# Hello from South Georgia



## TricieWorld (Mar 10, 2008)

I am TricieWorld, a military wife from South Georgia. We just moved here after 4 years in Hawaii (I miss that place!!). I have 2 daughters (14 & 5) and we now have 2 kitties.

My daughters have been wanting a cat for a long time and we promised them that when we moved from Hawaii that we would get one. Well this past weekend, we made a trip to the Humane Society to adopt ONE cat.

When we got there, my older daughtre and myself fell in love with Emerald...a Tortie Point Siamese one year old female. Then my 5 year old turned around and saw the cutest little black and white 14 week old female kitten with the prettiest green eyes.

The Humane Society was actually having a "sale" on cats. So I broke down and got both for them.
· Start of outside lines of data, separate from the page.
Lemma coefH_scale c A t : coefH (scaleH c A) t = c * coefH A t.
Proof.
elim: A => [|p A IH]; first by rewrite /coefH !big_nil mulr0.
rewrite /coefH /scaleH map_cons !big_cons -/(scaleH c A) -!/(coefH _ _) IH /=.
by case: (p.2 == t); rewrite ?mulrDr.
Qed.

Lemma shX1_cons a b B :
  shX [:: a] (b :: B) = [seq (a.1 * b.1, w) | w <- shuffle a.2 b.2] ++ shX [:: a] B.
Proof. by rewrite /shX /= !cats0. Qed.

Lemma tsh_z1_zsum (S : seq zword) :
  tsh (zsum [:: [:: 1%N]]) (zsum S) =
  zsum (flatten [seq map rho (shuffle [:: true] (rho_inv s)) | s <- S]).
Proof.
rewrite /tsh (_ : rhoinvH _ = [:: (1, [:: true])]) //; elim: S => [|s S IH] //.
have rhoX_cat A B : rhoX (A ++ B) = rhoX A ++ rhoX B by exact: map_cat.
rewrite [rhoinvH _]/= shX1_cons rhoX_cat IH map_cons.
rewrite -[flatten (_ :: _)]/(_ ++ _) /zsum map_cat.
by congr (_ ++ _); rewrite /rhoX -!map_comp; apply: eq_map => w /=; rewrite mulr1.
Qed.

Lemma coefH_tsh_z1 (S : seq zword) t : uniq S -> all is_zword S -> is_zword t ->
  coefH (tsh (zsum [:: [:: 1%N]]) (zsum S)) t = (count (mem S) (deletions1 t))%:Z.
Proof.
move=> hu hS ht; rewrite tsh_z1_zsum coefH_zsum count_flatten -map_comp.
rewrite -sumn_count_pred1 //; congr (Posz (sumn _)); apply/eq_in_map => s hs /=.
by rewrite rho_shuffle1 ?count_insertions1 // (allP hS).
Qed.

Lemma coefH_tsh_z1_comps (P : pred zword) k n t :
  (0 < k)%N -> (0 < n)%N -> is_zword t ->
  coefH (tsh (zsum [:: [:: 1%N]]) (zsum [seq s <- comps k.-1 n.-1 | P s])) t
  = ((t \in comps k n) * count P (deletions1 t))%:Z.
Proof.
move=> hk hn ht; rewrite coefH_tsh_z1 ?filter_uniq ?uniq_comps //; last first.
  by apply/allP => u; rewrite mem_filter mem_comps => /and4P [].
have deletion_in_comps u : u \in deletions1 t -> (u \in comps k.-1 n.-1) = (t \in comps k n).
  move=> hu; have [size_u sum_u zword_u size_t] := deletions1_shape ht hu.
  have sum_t : (0 < sumn t)%N.
    by case: t ht size_t {hu size_u sum_u} => [|a r] //= /andP [ha _]; lia.
  rewrite !mem_comps size_u sum_u zword_u ht /=.
  by apply/andP/andP => -[/eqP e1 /eqP e2]; split; apply/eqP; lia.
case: (t \in comps k n) deletion_in_comps => hdel; rewrite ?mul1n ?mul0n; congr Posz.
  by apply: eq_in_count => u hu; rewrite /= mem_filter hdel // andbT.
by rewrite (eq_in_count (a2 := pred0)) ?count_pred0 // => u hu;
  rewrite /= mem_filter hdel ?andbF.
Qed.

Lemma count_filter_comps (P : pred zword) k n t :
  count (pred1 t) [seq u <- comps k n | P u] = P t && (t \in comps k n).
Proof. by rewrite count_uniq_mem ?filter_uniq ?uniq_comps // mem_filter. Qed.

Local Open Scope nat_scope.

Lemma last_gt0 t : is_zword t -> 0 < size t -> 0 < last 0 t.
Proof. by case: t => [|a r] // ht _; apply: (allP ht); apply: mem_last. Qed.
They have adjusted well so far to their new home. And we are adjusted to having them here.

Here are their pics...

Lady Barcelona 14 weeks old










&

Miss Emerald 13 months old











I look forward to any advice on cats/kittens I could receive!


----------



## Heidi n Q (Nov 22, 2006)

They are beautiful, and Lady looks like the short-hair version of my Squirrely-Jo. (in my avatar) Emerald has everything I want in a cat that I am missing right now...blue eyed meezer with calico thrown in!
Heidi


----------



## TricieWorld (Mar 10, 2008)

Heidi n Q said:


> They are beautiful, and Lady looks like the short-hair version of my Squirrely-Jo. (in my avatar) Emerald has everything I want in a cat that I am missing right now...blue eyed meezer with calico thrown in!
> Heidi


I fell in love with her the second I saw her! She is quite beautiful!


----------



## Leazie (Apr 14, 2007)

Welcome. Your new little ones have great names and are cuties.


----------



## MaxZmom (Feb 21, 2007)

Hello and Welcome. Lovely kitties!


----------



## DesnBaby (Apr 18, 2004)

Pretty kitties you got there :wink:


----------



## TricieWorld (Mar 10, 2008)

Leazie said:


> Welcome. Your new little ones have great names and are cuties.


Thank you. Emerald had that name at the Humane Society and my 14 year old daughter thought that it fit her nicely and couldn't change it.

My 5 year old daughter named the black n white one Barcelona after the Cheetah Girls movie where they went to Barcelona. I found it quite funny that she named her that.


----------



## meebo (Mar 9, 2008)

Welcome to the World of Cat... Both of your cat look cutes..


----------



## dmcwlvssr (Apr 24, 2005)

Welcme to you and the furrys


----------